Example: A signed contract PDF (scanned) is uploaded. LuxonLink detects <10 words, runs OCR, extracts the contract text, and indexes it. A native-text policy PDF skips OCR entirely.

Updates, Deletions & Re-Indexing

How We Track Changes

LuxonLink monitors your document sources (file shares, cloud storage) for changes:

  • File added: New file is indexed automatically.
  • File modified: We detect the change via file hash, delete old chunks, re-index the new version.
  • File deleted: All chunks from that document are removed from the index.
  • File moved: Treated as a delete + add (metadata updated).

No manual refresh required. Your knowledge base stays current automatically.

Version Control

When a document is updated, we:

  1. Store the new version with a new doc_hash.
  2. Mark old chunks as outdated (not deleted immediately for audit purposes).
  3. Queries always match against the latest version.

Result: Answers reflect current policy, not outdated documents.

Example: HR updates the PTO policy from 10 days to 15 days. LuxonLink detects the file change, removes old chunks, indexes the new version. Future queries now return "15 days".

Security & Privacy

No Training on Your Data

xillix uses OpenAI's embedding and generation APIs. Your documents are processed to generate embeddings and answers, but OpenAI does not train models on customer data when using their API (per their terms). xillix manages key access as part of the deployment.

We store encrypted copies for indexing and retrieval. When synced, original files remain in your source storage as the source of truth.

Department Isolation

Each LuxonLink bot is scoped to a single department:

  • HR bot sees only HR documents.
  • IT bot sees only IT documents.
  • Sales bot sees only Sales documents.

Role-based access control (RBAC) ensures users can only query bots they have permission to access.

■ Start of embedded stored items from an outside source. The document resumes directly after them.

Theorem theorem5 (p : nat) (pi : gint) (n k : nat) (C : {vspace 'rV['F_p]_n}) :
  prime p -> (p %% 4 = 1)%N -> (13 <= p)%N ->
  gmul pi (gconj pi) = (p%:Z, 0%:Z) ->
  (\dim C = k)%N ->
  corrects2 pi C ->
  (8 * n ^ 2 + 1 <= p ^ (n - k))%N.
Proof.
move=> p_prime _ p_ge13 + dimC; case: pi => a b norm_pi corrects.
have norm_ab : a * a + b * b = p%:Z by case: norm_pi => <- _; rewrite mulrN opprK.
have [U [U_root U_sq]] := gauss_sqrt_m1 p_prime norm_ab.
have p_gt5 : (5 < p)%N by apply: leq_trans p_ge13.
pose T := [set x : 'rV['F_p]_n | (mweight_vec (a, b) x <= 2)%N].
have card_T : (8 * n ^ 2 + 1 <= #|T|)%N.
  have := card_imset [set: option _] (code_vec_inj p_prime p_gt5 U_sq (n := n)).
  rewrite cardsT card_option !card_prod !card_ord => card_codes.
  rewrite (_ : 8 * n ^ 2 + 1 = (n * n * 4 * 2).+1)%N; last by lia.
  rewrite -card_codes; apply/subset_leq_card/subsetP => _ /imsetP[z _ ->].
  by rewrite inE (mweight_code_vec p_prime norm_ab U_root U_sq).
have packing : (#|T| <= #|'F_p| ^ (n - \dim C))%N.
  by apply: coset_packing => x y; rewrite !inE; apply: corrects.
by rewrite (leq_trans card_T) // -dimC; move: packing; rewrite card_Fp.
Qed.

This is enforced at the application layer before any query reaches the vector database.

Audit Trails

Every query is logged with:

  • User ID
  • Timestamp
  • Query text
  • Retrieved chunks (for compliance review)
  • Answer generated

This allows compliance teams to review what information was accessed and by whom.

Summary: Your data stays yours. No training, no leakage across departments, full audit logs.

Hosting & Infrastructure

Fully Managed by xillix

xillix is a SaaS platform. xillix handles:

  • Infrastructure provisioning and scaling
  • Database backups and disaster recovery
  • Security patching and updates
  • Monitoring and uptime

Customers do not deploy code or manage infrastructure. You access LuxonLink via web browser.

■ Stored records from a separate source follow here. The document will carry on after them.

Lemma usc_comp_mono M (r : R -> R) (h : Base M -> R) :
  (forall x, 0 <= h x <= 1) -> usc M h ->
  (forall s t, 0 <= s <= t -> t <= 1 -> r s <= r t) ->
  (forall t, 0 <= t < 1 -> forall eps, 0 < eps -> exists delta, 0 < delta /\
      forall s, t <= s < t + delta -> s <= 1 -> Rabs (r s - r t) < eps) ->
  usc M (fun x => r (h x)).
Proof.
  intros Hh Husc Hmono Hrc x eps He. destruct (Hh x) as [Hx0 Hx1].
  destruct (Rlt_dec (h x) 1) as [Hlt | Hge].
  - destruct (Hrc (h x) (conj Hx0 Hlt) eps He) as [d1 [Hd1 Hr]].
    destruct (Husc x d1 Hd1) as [d [Hd Hud]]. exists d. split; [exact Hd |]. intros y Hy.
    specialize (Hud y Hy). destruct (Hh y) as [Hy0 Hy1].
    destruct (Rle_dec (h x) (h y)) as [Hxy | Hxy].
    + specialize (Hr (h y) (conj Hxy Hud) Hy1). apply Rabs_def2 in Hr. lra.
    + assert (r (h y) <= r (h x)) by (apply Hmono; lra). lra.
  - exists 1. split; [lra |]. intros y _. destruct (Hh y).
    assert (r (h y) <= r (h x)) by (apply Hmono; lra). lra.
Qed.

Lemma usc_fmax M n (h : idx n -> Base M -> R) :
  (forall j, usc M (h j)) -> usc M (fun x => fmax n (fun j => h j x)).
Proof.
  intros Hh x eps He.
  destruct (idx_radius_all n (fun j d => forall y, dist M x y < d -> h j y < h j x + eps) 0)
    as [d [Hd Hball]].
  - intros j s s' Hs HP y Hy. apply HP. lra.
  - intro j. destruct (Hh j x eps He) as [d [Hd HP]]. eauto.
  - exists d. split; [exact Hd |]. intros y Hy.
    apply fmax_lt; [pose proof (fmax_ge0 n (fun j => h j x)); lra |].
    intro j. pose proof (fmax_ub n (fun j => h j x) j). specialize (Hball j y Hy). simpl in *. lra.
Qed.

Section Attained.
Variable M : Metric_Space.
Variable m : nat.
Variable u : idx m -> Base M -> R.
Hypothesis Hu : forall i, Fstar M (u i).
Variable ph : (idx m -> Base M) -> Base M.
Hypothesis Hph : continuous_m M m ph.

Let f := fprod m u.

(* The supports [u_i]^0 are compact and f is usc: a subsequence of z converges to some w,
   and f(w) is at least the limit value c. *)
Lemma fprod_limit_witness (z : nat -> idx m -> Base M) (y : nat -> Base M) x c :
  (forall k, 0 < f (z k)) -> (forall k, ph (z k) = y k) -> seq_lim M y x ->
  (forall eps, 0 < eps -> exists N, forall k, (N <= k)%nat -> c - eps < f (z k)) ->
  exists w, ph w = x /\ c <= f w.
Proof.
  intros Hpos Hy Hlim Hc.
  destruct (compact_prod_seq M m (fun i => level M (u i) 0) z) as [s [w [Hs Hw]]].
  - intro i. apply compact_seq_compact, Hu.
  - intros k i. apply level0_of_pos. eapply Rlt_le_trans; [apply Hpos | apply fprod_le].
  - exists w. split.
    + apply (seq_lim_unique M (fun k => y (s k))); [| now apply seq_lim_subseq].
      apply (seq_lim_ext M (fun k => ph (z (s k)))); [intro; apply Hy |].
      now apply continuous_seq_lim.
    + apply Rnot_lt_le. intro Hlt. set (e := (c - f w) / 3). assert (He : 0 < e) by (unfold e; lra).
      destruct (fprod_usc M m u (fun i => proj1 (proj2 (proj2 (Hu i)))) w e He) as [d [Hd Hfd]].
      destruct (seq_lim_dm M m (fun k => z (s k)) w Hw d Hd) as [N1 H1].
      destruct (Hc e He) as [N2 H2].
      set (k := Nat.max N1 N2). specialize (Hfd _ (H1 k ltac:(lia))).
      pose proof (strictly_increasing_ge s Hs k). specialize (H2 (s k) ltac:(lia)).
      fold f in Hfd. unfold e in *. lra.
Qed.

Lemma zadeh_attained x : 0 < zadeh ph f x -> exists w, ph w = x /\ zadeh ph f x <= f w.
Proof.
  intros Hp. set (g := zadeh ph f x) in *.
  assert (Hk : forall k, exists z, ph z = x /\ g - Rmin (g / 2) (/ INR (S k)) < f z).
  { intro k. apply zadeh_approx; [exact (fprod_range_Fstar M m u Hu) | exact Hp |].
    apply Rmin_glb_lt; [lra | apply inv_pos]. }
  destruct (choice _ Hk) as [z Hz].
  apply (fprod_limit_witness z (fun _ => x)).
  - intro k. destruct (Hz k) as [_ H]. pose proof (Rmin_l (g / 2) (/ INR (S k))). lra.
  - intro k. apply Hz.
  - intros e He. exists 0%nat. intros. now rewrite dist_self.
  - intros e He. destruct (small_inv e He) as [N HN]. exists N. intros k HNk.
    destruct (Hz k) as [_ H]. pose proof (Rmin_r (g / 2) (/ INR (S k))). specialize (HN k HNk). lra.
Qed.

Lemma zadeh_usc : usc M (zadeh ph f).
Proof.
  intros x eps He. set (g := zadeh ph f).
  assert (Hg : forall y, 0 <= g y <= 1) by (intro; apply zadeh_range, fprod_range_Fstar, Hu).
  apply NNPP. intro Hn.
  assert (Hk : forall k, exists y, dist M x y < / INR (S k) /\ g x + eps <= g y).
  { intro k. apply NNPP. intro Hn2. apply Hn. exists (/ INR (S k)). split; [apply inv_pos |].
    intros y Hy. apply Rnot_le_lt. intro. apply Hn2. eauto. }
  destruct (choice _ Hk) as [y Hy].
  assert (Hat : forall k, exists z, ph z = y k /\ g (y k) <= f z).
  { intro k. apply zadeh_attained. specialize (Hg x). destruct (Hy k). unfold g in *. lra. }
  destruct (choice _ Hat) as [z Hz].
  destruct (fprod_limit_witness z y x (g x + eps)) as [w [Hw Hfw]].
  - intro k. destruct (Hz k), (Hy k). specialize (Hg x). lra.
  - intro k. apply Hz.
  - intros e He'. destruct (small_inv e He') as [N HN]. exists N. intros k HNk.
    destruct (Hy k). specialize (HN k HNk). lra.
  - intros e He'. exists 0%nat. intros k _. destruct (Hz k), (Hy k). lra.
  - assert (f w <= g x) by (rewrite <- Hw; apply zadeh_ge, fprod_range_Fstar, Hu). lra.
Qed.
End Attained.

(** * The GIFZS operator *)

Section Operator.
Variable M : Metric_Space.
Variables m n : nat.
Variable phi : idx n -> (idx m -> Base M) -> Base M.
Variable rho : idx n -> R -> R.
Hypothesis Hadm : admissible n rho.
Hypothesis Hcont : forall j, continuous_m M m (phi j).

Lemma rho_range j t : 0 <= t <= 1 -> 0 <= rho j t <= 1.
Proof. apply (proj1 Hadm). Qed.

Lemma rho_mono j s t : 0 <= s <= t -> t <= 1 -> rho j s <= rho j t.
Proof. apply (proj1 (proj2 Hadm)). Qed.

Lemma rho_0 j : rho j 0 = 0.
Proof. apply (proj1 (proj2 (proj2 (proj2 Hadm)))). Qed.

Variable u : idx m -> Base M -> R.
Hypothesis Hu : forall i, Fstar M (u i).

Lemma Zop_range x : 0 <= Zop M m n phi rho u x <= 1.
Proof.
  split; [apply fmax_ge0 |]. apply fmax_le; [lra |]. intro j.
  apply rho_range, zadeh_range, fprod_range_Fstar, Hu.
Qed.

Lemma Zop_normal : exists x, Zop M m n phi rho u x = 1.
Proof.
  destruct (choice (fun i x => u i x = 1)) as [xs Hxs]; [intro i; apply Hu |].
  destruct Hadm as [_ [_ [_ [_ [j0 Hj0]]]]].
  exists (phi j0 xs).
  assert (Hf : fprod m u xs = 1).
  { apply Rle_antisym; [apply fmin_le1 |]. apply fmin_ge; [lra |]. intro i. rewrite Hxs. lra. }
  assert (Hz : zadeh (phi j0) (fprod m u) (phi j0 xs) = 1).
  { apply Rle_antisym; [apply zadeh_range, fprod_range_Fstar, Hu |].
    rewrite <- Hf at 1. apply zadeh_ge, fprod_range_Fstar, Hu. }
  apply Rle_antisym; [apply Zop_range |].
  rewrite <- Hj0, <- Hz.
  exact (fmax_ub n (fun j => rho j (zadeh (phi j) (fprod m u) (phi j0 xs))) j0).
Qed.

Lemma Zop_usc : usc M (Zop M m n phi rho u).
Proof.
  apply (usc_fmax M n (fun j x => rho j (zadeh (phi j) (fprod m u) x))). intro j.
  apply usc_comp_mono.
  - intro. apply zadeh_range, fprod_range_Fstar, Hu.
  - now apply zadeh_usc.
  - intros. now apply rho_mono.
  - apply (proj1 (proj2 (proj2 Hadm))).
Qed.

Lemma Zop_pos_witness x : 0 < Zop M m n phi rho u x ->
  exists j w, phi j w = x /\ 0 < fprod m u w /\ Zop M m n phi rho u x <= rho j (fprod m u w).
Proof.
  intros Hp. destruct (fmax_attained n _ _ Hp (Rle_refl _)) as [j Hj].
  set (g := zadeh (phi j) (fprod m u) x) in *.
  assert (Hg : 0 <= g <= 1) by apply zadeh_range, fprod_range_Fstar, Hu.
  assert (Hgp : 0 < g).
  { destruct (proj1 Hg) as [H | H]; [exact H |].
    rewrite <- H, rho_0 in Hj. lra. }
  destruct (zadeh_attained M m u Hu (phi j) (Hcont j) x Hgp) as [w [Hw Hgw]].
  fold g in Hgw. exists j, w. split; [exact Hw | split; [lra |]].
  eapply Rle_trans; [exact Hj |]. apply rho_mono; [lra | apply fprod_range_Fstar, Hu].
Qed.

(* A sequence in the positivity set of Z_S comes, along a subsequence, from a single
   phi_j applied to points of the compact product of supports. *)
Lemma Zop_pos_seq_cluster (x : nat -> Base M) :
  (forall k, 0 < Zop M m n phi rho u (x k)) ->
  exists s p, strictly_increasing s /\ seq_lim M (fun k => x (s k)) p.
Proof.
  intros Hx.
  assert (HJ : forall k, exists jw : idx n * (idx m -> Base M),
             phi (fst jw) (snd jw) = x k /\ 0 < fprod m u (snd jw)).
  { intro k. destruct (Zop_pos_witness (x k) (Hx k)) as [j [w [H1 [H2 _]]]]. now exists (j, w). }
  destruct (choice _ HJ) as [jw Hjw].
  destruct (idx_pigeonhole n (fun k => fst (jw k))) as [j Hj].
  destruct (frequently_subseq (fun _ k => fst (jw k) = j)) as [t [Ht Htj]].
  { intros _ N. destruct (Hj N) as [k [Hk E]]. eauto. }
  destruct (compact_prod_seq M m (fun i => level M (u i) 0) (fun k => snd (jw (t k))))
    as [s [w [Hs Hw]]].
  - intro i. apply compact_seq_compact, Hu.
  - intros k i. apply level0_of_pos. eapply Rlt_le_trans; [apply Hjw | apply fprod_le].
  - exists (fun k => t (s k)), (phi j w). split; [now apply strictly_increasing_comp |].
    apply (seq_lim_ext M (fun k => phi j (snd (jw (t (s k)))))).
    + intro k. rewrite <- (Htj (s k)). apply Hjw.
    + now apply continuous_seq_lim.
Qed.

Lemma Zop_support_compact : is_compact M (level M (Zop M m n phi rho u) 0).
Proof.
  apply seq_compact_compact. intros x Hx.
  destruct (closure_seq_compact M (fun y => 0 < Zop M m n phi rho u y) Zop_pos_seq_cluster x) as [s [p [Hs [Hp Hlim]]]].
  { intro k. rewrite <- level0_eq. apply Hx. }
  exists s, p. rewrite level0_eq. auto.
Qed.

Lemma Zop_Fstar : Fstar M (Zop M m n phi rho u).
Proof.
  split; [intro x; apply Zop_range |].
  split; [apply Zop_normal | split; [apply Zop_usc | apply Zop_support_compact]].
Qed.
End Operator.

(** * Hausdorff distance and d_infinity *)

Section Hausdorff.
Variable M : Metric_Space.

Lemma dist_to_le a (B : Base M -> Prop) b : B b -> dist_to M a B <= dist M a b.
Proof.
  intros Hb. apply Rinf_lower with 0; [intros y [b' [_ ->]]; apply dist_ge0 | eauto].
Qed.

Lemma dist_to_approx a (B : Base M -> Prop) eps : (exists b, B b) -> 0 < eps ->
  exists b, B b /\ dist M a b < dist_to M a B + eps.
Proof.
  intros [b0 Hb0] He.
  destruct (Rinf_approx (fun r => exists b, B b /\ r = dist M a b) 0 eps)
    as [r [[b [Hb ->]] Hr]]; eauto.
  intros y [b' [_ ->]]. apply dist_ge0.
Qed.

Lemma hausdorff_le (A B : Base M -> Prop) C : (exists a, A a) -> (exists b, B b) ->
  (forall a, A a -> dist_to M a B <= C) -> (forall b, B b -> dist_to M b A <= C) ->
  hausdorff M A B <= C.
Proof.
  intros [a0 Ha0] [b0 Hb0] HA HB. apply Rmax_lub.
  - apply Rsup_least; [eauto | intros r [a [Ha ->]]; auto].
  - apply Rsup_least; [eauto | intros r [b [Hb ->]]; auto].
Qed.

Lemma hausdorff_ge_l (A B : Base M -> Prop) C a :
  (forall a, A a -> dist_to M a B <= C) -> A a -> dist_to M a B <= hausdorff M A B.
Proof.
  intros H Ha. eapply Rle_trans; [| apply Rmax_l].
  apply Rsup_upper; [exists C; intros r [a' [Ha' ->]]; auto | eauto].
Qed.

Lemma hausdorff_ge_r (A B : Base M -> Prop) C b :
  (forall b, B b -> dist_to M b A <= C) -> B b -> dist_to M b A <= hausdorff M A B.
Proof.
  intros H Hb. eapply Rle_trans; [| apply Rmax_r].
  apply Rsup_upper; [exists C; intros r [b' [Hb' ->]]; auto | eauto].
Qed.

Lemma compact_bounded K c : is_compact M K -> exists r, forall x, K x -> dist M c x <= r.
Proof.
  intros HK. destruct (HK nat (fun k y => dist M c y < INR k)) as [l Hl].
  - intro k. apply ball_open.
  - intros x _. destruct (INR_unbounded (dist M c x)) as [k Hk]. exists k. lra.
  - exists (fold_right (fun k acc => Rmax (INR k) acc) 0 l). intros x Hx.
    destruct (Hl x Hx) as [k [Hk Hd]]. left. eapply Rlt_le_trans; [exact Hd |].
    clear Hl Hd. induction l as [| k' l IH]; simpl in *; [contradiction |].
    destruct Hk as [-> | Hk]; [apply Rmax_l | eapply Rle_trans; [apply IH, Hk | apply Rmax_r]].
Qed.

Lemma Fstar_levels_bounded (u v : Base M -> R) : Fstar M u -> Fstar M v ->
  exists C, forall a, 0 <= a -> forall x y, level M u a x -> level M v a y -> dist M x y <= C.
Proof.
  intros [_ [[x1 _] [_ Ku]]] [_ [[y1 _] [_ Kv]]].
  destruct (compact_bounded _ x1 Ku) as [ru Hru], (compact_bounded _ y1 Kv) as [rv Hrv].
  exists (ru + dist M x1 y1 + rv). intros a Ha x y Hx Hy.
  specialize (Hru x (level_in_level0 M u a x Ha Hx)).
  specialize (Hrv y (level_in_level0 M v a y Ha Hy)).
  rewrite dist_sym in Hru. pose proof (dist_tri M x y x1). pose proof (dist_tri M x1 y y1). lra.
Qed.

Lemma dist_to_level_le_d_inf (u v : Base M -> R) a : Fstar M u -> Fstar M v -> 0 <= a <= 1 ->
  (forall x, level M u a x -> dist_to M x (level M v a) <= d_inf M u v) /\
  (forall y, level M v a y -> dist_to M y (level M u a) <= d_inf M u v).
Proof.
  intros Hu Hv Ha. destruct (Fstar_levels_bounded u v Hu Hv) as [C HC].
  assert (Bu : forall a', 0 <= a' <= 1 -> forall x, level M u a' x -> dist_to M x (level M v a') <= C).
  { intros a' Ha' x Hx. destruct (level_nonempty M v a' Hv Ha') as [y Hy].
    eapply Rle_trans; [apply (dist_to_le _ _ y Hy) | apply (HC a'); auto; lra]. }
  assert (Bv : forall a', 0 <= a' <= 1 -> forall y, level M v a' y -> dist_to M y (level M u a') <= C).
  { intros a' Ha' y Hy. destruct (level_nonempty M u a' Hu Ha') as [x Hx].
    eapply Rle_trans; [apply (dist_to_le _ _ x Hx) | rewrite dist_sym; apply (HC a'); auto; lra]. }
  assert (Hh : hausdorff M (level M u a) (level M v a) <= d_inf M u v).
  { apply Rsup_upper; [| eauto]. exists C. intros r [a' [Ha' ->]].
    apply hausdorff_le; [apply level_nonempty; auto .. | apply Bu; auto | apply Bv; auto]. }
  split.
  - intros x Hx. eapply Rle_trans; [| exact Hh]. apply hausdorff_ge_l with C; auto.
  - intros y Hy. eapply Rle_trans; [| exact Hh]. apply hausdorff_ge_r with C; auto.
Qed.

Enterprise: Dedicated Instances

For customers with strict data isolation requirements, xillix provides dedicated instances:

  • Single-tenant infrastructure (your data never shares compute/storage with other customers)
  • Still hosted and managed by xillix
  • Custom security controls (enhanced encryption, network isolation, etc.)

You still do not deploy or manage code. xillix operates your dedicated instance on your behalf.

Bottom line: xillix is SaaS. You don't deploy containers, configure servers, or manage databases. We do that.